In situ monitoring of nonlinear physical aging and anti-aging in polymer-based separation membranes

Abstract

Glassy polymers are systems out of equilibrium, the theoretical description of physical aging effects on polymeric membranes for gas separation has thus far remained elusive. Herein, we introduce an in situ positron annihilation method combined with a series of time-dependent permeability for thermally rearranged polymer (TR-1), polymer with intrinsic microporosity (PIM-1), carbon molecular sieve (CMS) membrane and mixed matrix membrane (PIM-1-C, PIM-1+10wt% COF-316) during the aging process, to provide a fundamental micro-mechanism of relaxation and the form of expression for transport behavior.

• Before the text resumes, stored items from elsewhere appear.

(* Let $\lambda\in\mathcal{X}(T)^+$ and $\mu\in\Pi_G^+(\lambda)$. Let $\alpha\in\operatorname{Supp}(\lambda)$ be such that $\langle\lambda-\mu,\alpha^\vee\rangle>r_\alpha$, let $S(\alpha)$ be the connected component containing $\alpha$ of $(\Delta(\alpha)\smallsetminus\operatorname{Supp}(\mu))\cup\{\alpha\}$, and fix an extremal root $\beta$ of $S(\alpha)$. Write $I(\alpha,\beta)=\{\gamma_0,\dots,\gamma_k\}$ with $k=d(\alpha,\beta)$, $\gamma_0=\alpha$ and $\langle\gamma_i,\gamma_{i-1}^\vee\rangle\neq0$ for $i=1,\dots,k$, and let $c_i$ be the coefficient of $\gamma_i$ in the expression of $\lambda-\mu\in\mathbb{Q}[\Delta]$ as a linear combination of simple roots. Then: (i) setting $c_{k+1}=0$, for every $i\leqslant k$ one has $c_i\geqslant\dfrac{(i+1)c_{i+1}+r_\alpha+1}{i+2}$; (ii) for every $i\leqslant k$ one has $c_i\geqslant k-i+1+\dfrac{r_\alpha-k-1}{i+2}$.
   Context: $G$ is a connected semisimple group over an algebraically closed field of characteristic zero, $T\subset B$ a maximal torus and Borel subgroup, $\Delta$ the simple roots, $\mathcal{X}(T)^+$ the dominant characters. $\Pi_G^+(\lambda)=\{\mu\in\mathcal{X}(T)^+:\lambda-\mu\in\mathbb{Q}_{\geq0}[\Delta]\}$. $\operatorname{Supp}(\lambda)=\{\alpha\in\Delta:\langle\lambda,\alpha^\vee\rangle\neq0\}$. For $\alpha\in\Delta$, $\Delta(\alpha)$ is the connected component of the Dynkin diagram containing $\alpha$ and $r_\alpha=|\Delta(\alpha)|$; for $\beta\in\Delta(\alpha)$, $d(\alpha,\beta)$ is the distance in the Dynkin diagram and $I(\alpha,\beta)$ is the minimal connected subset of $\Delta$ containing $\alpha$ and $\beta$. Connected components of subsets of $\Delta$ refer to the Dynkin diagram. An extremal root of a subset $I\subset\Delta$ is an element of $I$ adjacent in the Dynkin diagram to at most one other element of $I$. *)

(* Root-datum data of a semisimple group, encoded by its
   Cartan matrix; weights are expressed in coordinates w.r.t. the simple
   roots (X(T) (x) Q = Q[Delta] since G is semisimple). *)
From mathcomp Require Import all_boot all_order all_algebra.
Set Implicit Arguments. Unset Strict Implicit. Unset Printing Implicit Defensive.
Import Order.TTheory GRing.Theory Num.Theory.
Local Open Scope ring_scope.

Section Defs.
Variables (D : finType) (C : D -> D -> int).
(* Convention: C a b = <a, b^vee>. *)

(* C is a Cartan matrix of finite type (= of a reduced root system, i.e.
   of a semisimple group): diagonal 2, off-diagonal <= 0, symmetrizable
   with positive definite symmetrization. Here d b plays (b,b)/2. *)
Definition is_cartan : Prop :=
  (forall a, C a a = 2) /\ (forall a b, a != b -> C a b <= 0) /\
  exists d : D -> rat, (forall a, 0 < d a) /\
    (forall a b, (C a b)%:~R * d b = (C b a)%:~R * d a) /\
    (forall x : D -> rat, (exists a, x a != 0) ->
       0 < \sum_a \sum_b x a * x b * (C a b)%:~R * d b).

Definition wpairing (x : D -> rat) (a : D) : rat :=
  \sum_b x b * (C b a)%:~R.

Definition dominant (x : D -> rat) : Prop :=
  forall a, exists n : nat, wpairing x a = n%:R.

Definition in_Pi (lam mu : D -> rat) : Prop :=
  dominant mu /\ forall a, 0 <= lam a - mu a.

Definition wsupp (x : D -> rat) : {set D} := [set a | wpairing x a != 0].

Definition dyn_adj : rel D := fun a b => (a != b) && (C a b != 0).

Definition dyn_comp (a : D) : {set D} := [set b | connect dyn_adj a b].
Definition rk (a : D) : nat := #|dyn_comp a|.

Definition restr_adj (A : {set D}) : rel D :=
  fun x y => [&& dyn_adj x y, x \in A & y \in A].

Definition comp_in (A : {set D}) (a : D) : {set D} :=
  [set b | connect (restr_adj A) a b].

Definition extremal (I : {set D}) (b : D) : bool :=
  (b \in I) && (#|[set g in I | dyn_adj b g]| <= 1)%N.

Definition connected_set (I : {set D}) : Prop :=
  forall a b, a \in I -> b \in I -> connect (restr_adj I) a b.

Definition min_conn_set (I : {set D}) (a b : D) : Prop :=
  [/\ a \in I, b \in I, connected_set I &
    forall J : {set D}, J \subset I -> a \in J -> b \in J ->
      connected_set J -> J = I].
Lemma tnabla_ge0 {k : nat} {T : finType} {e : rel T} {t : rat} :
  tnabla_is k e t -> (0 <= t)%R.
Proof. by case=> -[U [eH [_ _ _ <-]]] _; rewrite divr_ge0. Qed.

Lemma tnabla_mono {k k' : nat} {T : finType} {e : rel T} {t t' : rat} :
  (k <= k')%N -> tnabla_is k e t -> tnabla_is k' e t' -> (t <= t')%R.
Proof.
move=> le_kk' [[U [eH [sH U_gt0 minor <-]]] _] [_ max_t'].
exact: max_t' sH U_gt0 (shallow_top_minor_mono le_kk' minor).
Qed.

Lemma tnabla_card_adj_pairs {k : nat} {T : finType} {e : rel T} {t : rat}
    {W : {set T}} {R : rel T} :
  tnabla_is k e t -> W != set0 -> irreflexive R -> symmetric R ->
  shallow_top_minor k e (induced W R) ->
  ((#|adj_pairs W R|)%:R <= t * (2 * #|W|)%:R :> rat)%R.
Proof.
move=> [_ max_t] W_neq0 irrR symR minor.
have cardU : #|{: {x | x \in W}}| = #|W| by rewrite card_sig; apply: eq_card.
have U_gt0 : (0 < #|{: {x | x \in W}}|)%N by rewrite cardU card_gt0.
have := max_t _ (induced W R) (conj (fun u => irrR (val u)) (fun u v => symR _ _)) U_gt0 minor.
by rewrite /density card_induced_adj_pairs cardU ler_pdivrMr // ltr0n muln_gt0 card_gt0.
Qed.

Lemma subgraph_minor {k : nat} {T : finType} {e : rel T} {W : {set T}} {R : rel T} :
  irreflexive e -> subrel R e -> shallow_top_minor k e (induced W R).
Proof.
move=> irr_e sub_Re; exists val, (fun _ _ => [::]); split=> //; first exact: val_inj.
move=> u v /sub_Re e_uv; split=> //=; first by rewrite e_uv.
by rewrite inE andbT; apply: contraTneq e_uv => /val_inj->; rewrite irr_e.
Qed.

Lemma subdivision_minor {T : finType} {e : rel T} {W : {set T}} {R : rel T}
    (mid : T -> T -> T) :
  irreflexive R ->
  (forall x y, R x y ->
     [/\ mid x y = mid y x, mid x y \notin W, e x (mid x y) & e (mid x y) y]) ->
  (forall x y x' y', R x y -> R x' y' -> mid x y = mid x' y' ->
     (x = x' /\ y = y') \/ (x = y' /\ y = x')) ->
  shallow_top_minor 1 e (induced W R).
Proof.
move=> irrR midP mid_inj.
exists val, (fun u v => [:: mid (val u) (val v)]); split=> //.
- exact: val_inj.
- by move=> u v /midP[->].
- move=> u v R_uv; have [_ midW e_um e_mv] := midP _ _ R_uv.
  split=> //=; first by rewrite e_um e_mv.
  + rewrite !inE !negb_or andbT -andbA; apply/and3P; split.
    * by apply: contraNneq midW => <-; apply: valP.
    * by apply: contraTneq R_uv => /val_inj->; rewrite /induced irrR.
    * by apply: contraNneq midW => ->; apply: valP.
  + by move=> x w; rewrite inE => /eqP->; apply: contraNneq midW => ->; apply: valP.
- move=> u v u' v' x R_uv R_uv'; rewrite !inE => /eqP-> /eqP mid_eq.
  by case: (mid_inj _ _ _ _ R_uv R_uv' mid_eq) => -[/val_inj-> /val_inj->]; [left|right].
Qed.

Lemma density_count_bound (t0 c h l D : rat) :
  (0 < h -> 0 <= l -> 1 <= D ->
   h * (D + 1) + l * 2 <= t0 * (2 * (h + l)) -> l <= c * h ->
   D + 1 <= (2 * t0 - 2) * c + 2 * t0)%R.
Proof.
move=> h_gt0 l_ge0 D_ge1 count0 count1; rewrite -(ler_pM2l h_gt0).
have [t0_ge1 | t0_lt1] := lerP 1 t0.
  have : ((t0 - 1) * l <= (t0 - 1) * (c * h))%R by apply: ler_wpM2l; lra.
  nra.
have : (0 <= (1 - t0) * l)%R by apply: mulr_ge0; lra.
nra.
Qed.

Section NonRemovableSubgraph.

Context {T : finType} {e : rel T} {S : {set T}} {E : rel T} {d : nat}.
Hypothesis irr_e : irreflexive e.
Hypothesis symE : symmetric E.
Hypothesis subE : forall x y, E x y -> [/\ x \in S, y \in S & e x y].
Hypothesis no_removable : forall v, ~~ removable d S E v.

Definition heavy : {set T} := [set w in S | d < deg S E w]%N.
Definition light : {set T} := S :\: heavy.
Definition heavy_nbrs (v : T) : {set T} := [set w in heavy | E v w].

Lemma heavy_sub : heavy \subset S.
Proof. by apply/subsetP => w; rewrite inE => /andP[]. Qed.

Lemma card_heavy_nbrs_light {v} : v \in light -> (1 < #|heavy_nbrs v|)%N.
Proof.
rewrite inE => /andP[v_light vS]; move: v_light (no_removable v).
rewrite /removable inE vS lez_nat -leqNgt => -> /=; rewrite -ltnNge.
move/leq_trans; apply; apply: subset_leq_card; apply/subsetP => w.
by rewrite !inE ltz_nat => /and3P[-> -> ->].
Qed.

Lemma heavy_nbrs_light {v w} :
  v \in light -> w \in heavy_nbrs v -> [/\ w \in heavy, w != v, e v w & e w v].
Proof.
rewrite !inE => /andP[v_light _] /andP[w_heavy Evw]; split=> //.
- by apply: contraTneq w_heavy => ->.
- by have [] := subE _ _ Evw.
- by rewrite symE in Evw; have [] := subE _ _ Evw.
Qed.

Lemma heavy_neq0 : S != set0 -> heavy != set0.
Proof.
case/set0Pn=> v vS; apply/set0Pn; have [|v_light] := boolP (v \in heavy); first by exists v.
have /card_gt0P[w] : (0 < #|heavy_nbrs v|)%N.
  by apply/ltnW/card_heavy_nbrs_light; rewrite inE v_light.
by rewrite inE => /andP[w_heavy _]; exists w.
Qed.

Definition heavy_edge : rel T := fun x y => E x y && ((x \in heavy) || (y \in heavy)).

Lemma heavy_edge_sub : subrel heavy_edge e.
Proof. by move=> x y /andP[/subE[]]. Qed.

Lemma heavy_edge_irr : irreflexive heavy_edge.
Proof. by move=> x; apply/negbTE/negP => /heavy_edge_sub; rewrite irr_e. Qed.

Lemma heavy_edgeC : symmetric heavy_edge.
Proof. by move=> x y; rewrite /heavy_edge symE orbC. Qed.

Lemma card_adj_heavy_edges :
  (#|heavy| * d.+1 + #|light| * 2 <= #|adj_pairs S heavy_edge|)%N.
Proof.
rewrite card_adj_pairs (big_setID heavy) /= (setIidPr heavy_sub) -!sum_nat_const.
apply: leq_add; apply: leq_sum => x x_in.
  apply: (leq_trans (_ : d < deg S E x)%N); first by move: x_in; rewrite inE => /andP[].
  by apply: subset_leq_card; apply/subsetP => y; rewrite !inE /heavy_edge x_in => /andP[-> ->].
apply: leq_trans (card_heavy_nbrs_light x_in) _; apply: subset_leq_card.
apply/subsetP => y; rewrite [y \in heavy_nbrs x]inE => /andP[y_heavy Exy].
by rewrite inE (subsetP heavy_sub _ y_heavy) /heavy_edge Exy y_heavy orbT.
Qed.

Definition end1 (v : T) : T := nth v (enum (heavy_nbrs v)) 0.
Definition end2 (v : T) : T := nth v (enum (heavy_nbrs v)) 1.
Definition ends (v : T) : {set T * T} := [set (end1 v, end2 v); (end2 v, end1 v)].
Definition hub (p : T * T) : {set T} := [set v in light | p \in ends v].
Definition hub_edge : rel T := fun x y => hub (x, y) != set0.
Definition hub_center (x y : T) : T := odflt x [pick v in hub (x, y)].

Lemma light_ends {v} :
  v \in light -> [/\ end1 v \in heavy_nbrs v, end2 v \in heavy_nbrs v & end1 v != end2 v].
Proof.
move/card_heavy_nbrs_light; rewrite cardE => size_gt1.
rewrite -2![_ \in heavy_nbrs v]mem_enum /end1 /end2 !mem_nth ?(ltnW size_gt1) //.
by rewrite nth_uniq ?enum_uniq ?(ltnW size_gt1).
Qed.

Lemma mem_hub {x y v} :
  v \in hub (x, y) -> [/\ v \in light, x \in heavy_nbrs v, y \in heavy_nbrs v & x != y].
Proof.
rewrite inE => /andP[v_light]; have [h1 h2 ne12] := light_ends v_light.
by rewrite /ends in_set2 => /orP[] /eqP[-> ->]; split; rewrite // eq_sym.
Qed.

Lemma hubC x y : hub (x, y) = hub (y, x).
Proof. by apply/setP => v; rewrite !inE !xpair_eqE; do !case: eqP. Qed.

Lemma card_hub_lt (s : nat) p : (0 < s)%N -> K2s_free s e -> (#|hub p| < s)%N.
Proof.
case: p => x y s_gt0 K2s_free_e; rewrite ltnNge.
apply/negP => /card_geqP[c [c_uniq size_c c_hub]].
have hubP v : v \in [set v in c] -> [/\ e x v, e y v, x != v, y != v & x != y].
  rewrite inE => /c_hub/mem_hub[v_light /(heavy_nbrs_light v_light)[_ xv _ ex]].
  by case/(heavy_nbrs_light v_light)=> _ yv _ ey xy; rewrite ex ey xv yv xy.
have [u u_c] : exists u, u \in c.
  by move: s_gt0; rewrite -size_c; case: (c) => // v c' _; exists v; rewrite mem_head.
apply: K2s_free_e; exists x, y, [set v in c]; split.
- by have [] := hubP u; rewrite ?inE.
- by rewrite -size_c -(card_uniqP c_uniq); apply: eq_card => v; rewrite inE.
- by apply/negP => /hubP[_ _]; rewrite eqxx.
- by apply/negP => /hubP[_ _ _]; rewrite eqxx.
- by move=> v /hubP[-> ->].
Qed.

Lemma hub_center_mem {x y} : hub_edge x y -> hub_center x y \in hub (x, y).
Proof. by rewrite /hub_center; case: pickP => [v ->|none /set0Pn[v]]; rewrite ?none. Qed.

Lemma hub_centerC x y : hub_edge x y -> hub_center x y = hub_center y x.
Proof.
rewrite /hub_edge /hub_center hubC.
by case: pickP => [//|none /set0Pn[v]]; rewrite none.
Qed.

Lemma hub_edge_irr : irreflexive hub_edge.
Proof. by move=> x; apply/negbTE/set0Pn => -[v /mem_hub[_ _ _]]; rewrite eqxx. Qed.

Lemma hub_edgeC : symmetric hub_edge.
Proof. by move=> x y; rewrite /hub_edge hubC. Qed.
Lemma odd_dim_Rad U : odd (\dim (Rad s U)) = odd (\dim U).
Proof.
move: {2}(\dim U) (leqnn (\dim U)) => k; elim: k U => [|k IH] U leUk.
  by move: leUk; rewrite leqn0 dimv_eq0 => /eqP ->; rewrite /Rad cap0v.
have [UU|/subvPn [x xU /mem_orthovPn [y yU xy]]] := boolP (U <= orthov s U)%VS.
  by rewrite /Rad /perp (capv_idPl UU).
have dU := dim_cap_orthov_pair xU yU xy.
have leU'k : (\dim (U :&: orthov s <[x]> :&: orthov s <[y]>) <= k)%N.
  by move: leUk; rewrite -dU ltnS => /ltnW.
by rewrite -(Rad_cap_orthov_pair xU yU xy) IH // -dU /= negbK.
Qed.

Lemma dim_Rad_pair U x y : x \in U -> y \in U -> s x y != 0 ->
  ((\dim (Rad s U)).+2 <= \dim U)%N.
Proof.
move=> xU yU xy; rewrite -(Rad_cap_orthov_pair xU yU xy).
by rewrite -(dim_cap_orthov_pair xU yU xy) ltnS ltnS dimvS ?Rad_subv.
Qed.

Lemma memv_orthov_pair_shift W w y x : w \in W -> x \in W -> s w y != 0 ->
  s x w = 0 ->
  x - (s x y / s w y) *: w \in (W :&: orthov s <[w]> :&: orthov s <[y]>)%VS.
Proof.
move=> wW xW wy xw; rewrite !memv_cap rpredB ?memvZ //= !mem_orthov1.
rewrite !linearBl /= !linearZl_LR /= xw s_alt mulr0 subrr eqxx /=.
by apply/eqP; field_nz.
Qed.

The challenging issues of accurate quantifying free volume and defining that in terms of measurable quantity have been addressed. The results indicate that the aging dynamics follow a stretched exponential decay function. Physical aging in PIM-1 differs from TR-1, as the different molding methods. Compared to semi-rigid polymer materials, CMS membranes exhibit the most demanding size-sensitive pairs due to their ultra-microporous structure during the densification process. The restricted diffusion of larger gases leads to irregular transport behavior, resulting in enhanced selectivity in aged membranes. Furthermore, a comprehensive understanding of the anti-aging process based on confinement effect is also monitored.